Method. The study combines contextual interviews and a participative analysis of the results.
Analysis. Contextual interviews have been analysed regarding existing categories: retrieval and access, use of tools, process of analysis, and the contextualisation of sources. Participants analysed requirements for tool support in the project in a workshop setting.
Results. Users expect digital tools for automated analysis to provide quantitative overviews of contents early in the research process, but also to support existing, interpretative processes of analysis. For a more detailed quantitative analysis, means of comparison within and across several layers of context have to be provided. Based on the findings from the interviews and workshops, guidelines for the design of information systems for text analysis in digital history studies with large corpora are defined.
Conclusion. The process presented in this study can be applied to similar projects in the field of digital humanities. In addition, we propose guidelines that may be useful in similar contexts within the discipline.


Introduction

The last years have seen a rising interest in the application of digital tools to research problems in the humanities. In this context, the analysis and interpretation of texts is certainly the most important research activity (Toms and O’Brien, 2008). Digital approaches to research in the humanities are highly diverse. However, many tools that have been developed have failed to attract the attention of their intended audience, most probably because they do not support the processes and mental models of their intended users (Warwick, 2012). In general, humanists expect tools to primarily respect and enhance their existing research practices (Gibbs and Owens, 2012). Creators of tools therefore have to study carefully the motivations and processes in a discipline as well as the specific research interests of a project. This helps to avoid the effect that research questions are adapted to the tools, instead of permitting them to evolve jointly in an iterative way. In a project, a high level of collaboration between humanists and technologists is necessary to create tools which can inspire new and innovative research questions, e.g. when existing resources can be visualised or interlinked in new ways (Collins and Jubb, 2012).

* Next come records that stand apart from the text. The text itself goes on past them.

(* Let $k$ be an étale algebra over $\mathbb{Q}$ with maximal order $\mathcal{O}_k$, and let $\mathcal{O}'\subset\mathcal{O}\subset\mathcal{O}_k$ be orders with conductors $\mathfrak{f}'$ and $\mathfrak{f}$ respectively. Then $\mathfrak{f}'\subset\mathfrak{f}$. If $p$ is a prime number such that $p\mid N(\mathfrak{f})$ and $p\nmid(\mathcal{O}:\mathcal{O}')$, then $\mathfrak{f}'_p=\mathfrak{f}_p$.
   Context: An étale algebra is $k=k_1\oplus\cdots\oplus k_s$ with number fields $k_i$; $\mathcal{O}_k=\oplus\mathcal{O}_{k_i}$. An order is a subring of $\mathcal{O}_k$ with unit of finite index. The conductor of an order $\mathcal{O}$ is the largest $\mathcal{O}_k$-ideal contained in $\mathcal{O}$. For an integral invertible $\mathcal{O}_k$-ideal $\mathfrak{a}=\oplus\mathfrak{a}_i$, its norm is $N(\mathfrak{a})=\prod N(\mathfrak{a}_i)=(\mathcal{O}_k:\mathfrak{a})$, and its $p$-part $\mathfrak{a}_p$ is $\oplus_i\mathfrak{a}_{i,p}$, where $\mathfrak{a}_{i,p}$ is the product of the prime-power factors of $\mathfrak{a}_i$ at primes above $p$; equivalently $\mathfrak{a}_p=\mathfrak{a}+p^a\mathcal{O}_k$ for all sufficiently large $a$. *)

From HB Require Import structures.
From mathcomp Require Import all_boot all_order all_algebra all_field.
Set Implicit Arguments. Unset Strict Implicit. Unset Printing Implicit Defensive.
Import Order.TTheory GRing.Theory Num.Theory.
Local Open Scope ring_scope.

(* Number fields are realized (up to isomorphism) as subfields of algC of
   finite dimension over Q. An etale algebra k = k_1 (+) ... (+) k_s is realized
   inside {ffun 'I_s -> algC} (componentwise ring operations) as the set of
   x with x i \in k_i for all i. *)

Definition number_field (K : {pred algC}) : Prop :=
  [/\ 1 \in K,
      {in K &, forall x y, x - y \in K},
      {in K &, forall x y, x * y \in K},
      {in K, forall x, x != 0 -> x^-1 \in K} &
      exists bs : seq algC, all (mem K) bs /\
        forall x, x \in K -> exists c : 'I_(size bs) -> rat,
          x = \sum_(i < size bs) ratr (c i) * bs`_i ].

Definition elt (s : nat) := {ffun 'I_s -> algC}.

Definition sub_set (s : nat) (A B : elt s -> Prop) : Prop := forall x, A x -> B x.

Definition maxorder (s : nat) (K : 'I_s -> {pred algC}) (x : elt s) : Prop :=
  forall i, x i \in K i /\ x i \in Aint.

(* (A : B) = n : B is a subgroup of A with exactly n cosets in A *)
Definition index_eq (s : nat) (A B : elt s -> Prop) (n : nat) : Prop :=
  exists r : seq (elt s),
    [/\ size r = n,
        forall x, x \in r -> A x,
        forall i j, (i < n)%N -> (j < n)%N -> B (r`_i - r`_j) -> i = j &
        forall a, A a -> exists2 x, x \in r & B (a - x)].

Definition is_order (s : nat) (K : 'I_s -> {pred algC}) (O : elt s -> Prop) : Prop :=
  [/\ sub_set O (maxorder K),
      O 1,
      forall x y, O x -> O y -> O (x - y),
      forall x y, O x -> O y -> O (x * y) &
      exists n, index_eq (maxorder K) O n].

Definition is_Ok_ideal (s : nat) (K : 'I_s -> {pred algC}) (I : elt s -> Prop) : Prop :=
  [/\ sub_set I (maxorder K),
      I 0,
      forall x y, I x -> I y -> I (x - y) &
      forall a x, maxorder K a -> I x -> I (a * x)].

Definition is_conductor (s : nat) (K : 'I_s -> {pred algC}) (O f : elt s -> Prop) : Prop :=
  [/\ is_Ok_ideal K f, sub_set f O &
      forall I, is_Ok_ideal K I -> sub_set I O -> sub_set I f].

Definition add_pow_Ok (s : nat) (K : 'I_s -> {pred algC}) (I : elt s -> Prop)
    (p a : nat) (x : elt s) : Prop :=
  exists y z, [/\ I y, maxorder K z & x = y + (p ^ a)%N%:R * z].

(* I_p = J_p, where the p-part is a_p = a + p^a O_k for all sufficiently large a *)
Definition ppart_eq (s : nat) (K : 'I_s -> {pred algC}) (p : nat) (I J : elt s -> Prop) : Prop :=
  exists a0, forall a, (a0 <= a)%N ->
    forall x, add_pow_Ok K I p a x <-> add_pow_Ok K J p a x.

From HB Require Import structures.
From mathcomp Require Import all_boot all_order all_algebra all_field.
Set Implicit Arguments. Unset Strict Implicit.
Import Order.TTheory GRing.Theory Num.Theory.
Local Open Scope ring_scope.

(* If (O : O') = n then n O lies in O', so n f is an O_k-ideal inside O' and
   hence inside the conductor f'.  For p coprime to n, Bezout writes
   1 = u n + v p^a, so every y in f is u (n y) + p^a (v y) and lies in
   f' + p^a O_k.  Hence f' + p^a O_k = f + p^a O_k for every a. *)

Section ZmodClosedPred.
Variables (V : zmodType) (P : V -> Prop).
Hypotheses (P0 : P 0) (PB : forall x y, P x -> P y -> P (x - y)).

Lemma closedD x y : P x -> P y -> P (x + y).
Proof. by move=> Px Py; have := PB Px (PB P0 Py); rewrite sub0r opprK. Qed.

Lemma closedMn x n : P x -> P (x *+ n).
Proof.
move=> Px; elim: n => [|n IHn]; first by rewrite mulr0n.
by rewrite mulrS; apply: closedD.
Qed.

Lemma closedMz x z : P x -> P (x *~ z).
Proof.
move=> Px; case: z => n; first exact: closedMn.
by rewrite NegzE mulrNz -sub0r; apply: PB => //; apply: closedMn.
Qed.

Lemma closed_sum n (F : 'I_n -> V) : (forall i, P (F i)) -> P (\sum_(i < n) F i).
Proof. by move=> PF; apply: (big_ind P) => //; apply: closedD. Qed.

End ZmodClosedPred.

Section IndexMultiple.
Variables (s : nat) (A B : elt s -> Prop).
Hypotheses (A0 : A 0) (AB : forall x y, A x -> A y -> A (x - y)).
Hypotheses (B0 : B 0) (BB : forall x y, B x -> B y -> B (x - y)).

(* Translation by x permutes the cosets of B in A; summing the congruences
   x + r_i = r_(sigma i) mod B over all representatives gives n x in B. *)
Lemma index_eq_mulrn n x : index_eq A B n -> A x -> B (x *+ n).
Proof.
move=> [r [size_r rA r_uniq r_cover]] Ax.
have rA_nth (i : 'I_n) : A r`_i by apply/rA/mem_nth; rewrite size_r.
have /fin_all_exists[sigma sigmaP] :
    forall i : 'I_n, exists j : 'I_n, B (x + r`_i - r`_j).
  move=> i.
  have [y yr Bxy] := r_cover _ (closedD A0 AB Ax (rA_nth i)).
  have lt_yn : (index y r < n)%N by rewrite -size_r index_mem.
  by exists (Ordinal lt_yn); rewrite /= nth_index.
have sigma_inj : injective sigma.
  move=> i j eq_ij; apply/val_inj/(r_uniq i j (ltn_ord i) (ltn_ord j)).
  have := BB (sigmaP i) (sigmaP j).
  by rewrite eq_ij opprB addrA subrK [x + _]addrC addrKA.
have := closed_sum B0 BB sigmaP.
by rewrite sumrB big_split /= sumr_const card_ord (reindex_inj sigma_inj) /= addrK.
Qed.

End IndexMultiple.

Section MaxOrder.
Variables (s : nat) (K : 'I_s -> {pred algC}).
Hypothesis K_field : forall i, number_field (K i).

Lemma maxorderB x y : maxorder K x -> maxorder K y -> maxorder K (x - y).
Proof.
move=> Ox Oy i; rewrite !ffunE.
have [[Kx Ax] [Ky Ay]] := (Ox i, Oy i).
by case: (K_field i) => _ KB _ _ _; split; [apply: KB | apply: rpredB].
Qed.

Lemma maxorder0 : maxorder K 0.
Proof.
move=> i; rewrite ffunE; split; last exact: rpred0.
by case: (K_field i) => K1 KB _ _ _; rewrite -(subrr 1); apply: KB.
Qed.

Lemma Ok_ideal_mulrn (I : elt s -> Prop) n :
  is_Ok_ideal K I -> is_Ok_ideal K (fun y => exists2 x, I x & y = x *+ n).
Proof.
case=> Isub I0 IB IM; split.
- by move=> _ [x Ix ->]; apply: closedMn maxorder0 maxorderB _ _ (Isub _ Ix).
- by exists 0; rewrite ?mul0rn.
- by move=> _ _ [x Ix ->] [y Iy ->]; exists (x - y); rewrite ?mulrnBl //; apply: IB.
- by move=> a _ Oa [x Ix ->]; exists (a * x); rewrite ?mulrnAr //; apply: IM.
Qed.

Lemma conductor_sub (O O' f f' : elt s -> Prop) :
  sub_set O' O -> is_conductor K O f -> is_conductor K O' f' -> sub_set f' f.
Proof. by move=> O'O [_ _ fmax] [f'I f'O' _]; apply: fmax => // x /f'O' /O'O. Qed.

Lemma conductor_mulrn_sub (O O' f f' : elt s -> Prop) n :
  is_order K O -> is_order K O' -> index_eq O O' n ->
  is_conductor K O f -> is_conductor K O' f' ->
  forall x, f x -> f' (x *+ n).
Proof.
move=> [_ O1 OB _ _] [_ O'1 O'B _ _] OO' [fI fO _] [_ _ f'max] x fx.
have O0 : O 0 by rewrite -(subrr 1); apply: OB.
have O'0 : O' 0 by rewrite -(subrr 1); apply: O'B.
apply: (f'max _ (Ok_ideal_mulrn n fI)); last by exists x.
by move=> _ [y /fO Oy ->]; apply: index_eq_mulrn OO' Oy.
Qed.

Lemma add_pow_OkS (I J : elt s -> Prop) p a :
  sub_set I J -> sub_set (add_pow_Ok K I p a) (add_pow_Ok K J p a).
Proof. by move=> IJ _ [y [z [Iy Oz ->]]]; exists y, z; split=> //; apply: IJ. Qed.

Lemma add_pow_Ok_coprime_sub (I J : elt s -> Prop) p n a :
  is_Ok_ideal K I -> is_Ok_ideal K J -> (forall x, I x -> J (x *+ n)) ->
  coprime n (p ^ a) -> sub_set (add_pow_Ok K I p a) (add_pow_Ok K J p a).
Proof.
move=> [Isub _ _ _] [_ J0 JB _] nIJ co_n_pa _ [y [z [Iy Oz ->]]].
have [u [v uv]] := Bezoutz n (p ^ a)%N; rewrite /gcdz /= (eqP co_n_pa) in uv.
exists ((y *+ n) *~ u), (y *~ v + z); split.
- exact/(closedMz J0 JB)/nIJ.
- apply: closedD maxorder0 maxorderB _ _ _ Oz.
  exact: closedMz maxorder0 maxorderB _ _ (Isub _ Iy).
rewrite mulrDr addrA; congr (_ + _).
rewrite mulr_natl !pmulrn -!mulrzA -mulrzDr.
by rewrite [(n%:Z * u)%R]mulrC uv mulr1z.
Qed.

End MaxOrder.

Theorem lemma2p1 (s : nat) (K : 'I_s -> {pred algC})
    (HK : forall i, number_field (K i))
    (O O' f f' : elt s -> Prop)
    (hO : is_order K O) (hO' : is_order K O') (hsub : sub_set O' O)
    (hf : is_conductor K O f) (hf' : is_conductor K O' f') :
  sub_set f' f /\
  (forall (p Nf idx : nat), prime p ->
     index_eq (maxorder K) f Nf -> (p %| Nf)%N ->
     index_eq O O' idx -> ~~ (p %| idx)%N ->
     ppart_eq K p f' f).
Proof.
have f'f := conductor_sub hsub hf hf'.
split=> // p _ idx p_pr _ _ OO' p_ndvd.
have idx_ff' := conductor_mulrn_sub HK hO hO' OO' hf hf'.
have [[fI _ _] [f'I _ _]] := (hf, hf').
have coprime_idx a : coprime idx (p ^ a).
  by rewrite coprimeXr // coprime_sym prime_coprime.
exists 0%N => a _ x; split; first exact: add_pow_OkS.
exact: add_pow_Ok_coprime_sub HK _ _ _ _ _ fI f'I idx_ff' (coprime_idx a) x.
Qed.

This study takes the position that digital tools will be accepted and adopted in the humanities if they support and progressively enhance current research practices as opposed to providing means for questions that the discipline itself does not consider to be relevant. Because of this, we present a contextual, user centred design process and combine it with participative methods. The goal of this process is to define requirements for tools that enable multi-dimensional text analysis in the context of the study of historical media.

Context of research: Corpus for textbook research

The overall motivation to use tools for text analysis in our project consists of the goal of understanding how textbooks represent the world during the period of the German Empire from 1871 to 1914. During this period, the textbooks that children used in school were their most important, and in many cases their only source of knowledge about the world outside of their direct experience. The project examines in which ways these books represent views of other countries and the role of Germany in the world. For the first time, researchers will be able to pursue related research questions based on a representative full-text corpus. The corpus includes textbooks produced for a variety of age groups, types of schools, regions, and religious denominations. This provides new opportunities for comparisons between different contexts. The version of the corpus used in the project currently contains 2,935 textbooks with 605,830 pages, mostly for the subjects of history and geography. The books are available both as scanned images and in full text format created through optical character recognition. The corpus is publicly accessible (cf. http://gei-digital.gei.de).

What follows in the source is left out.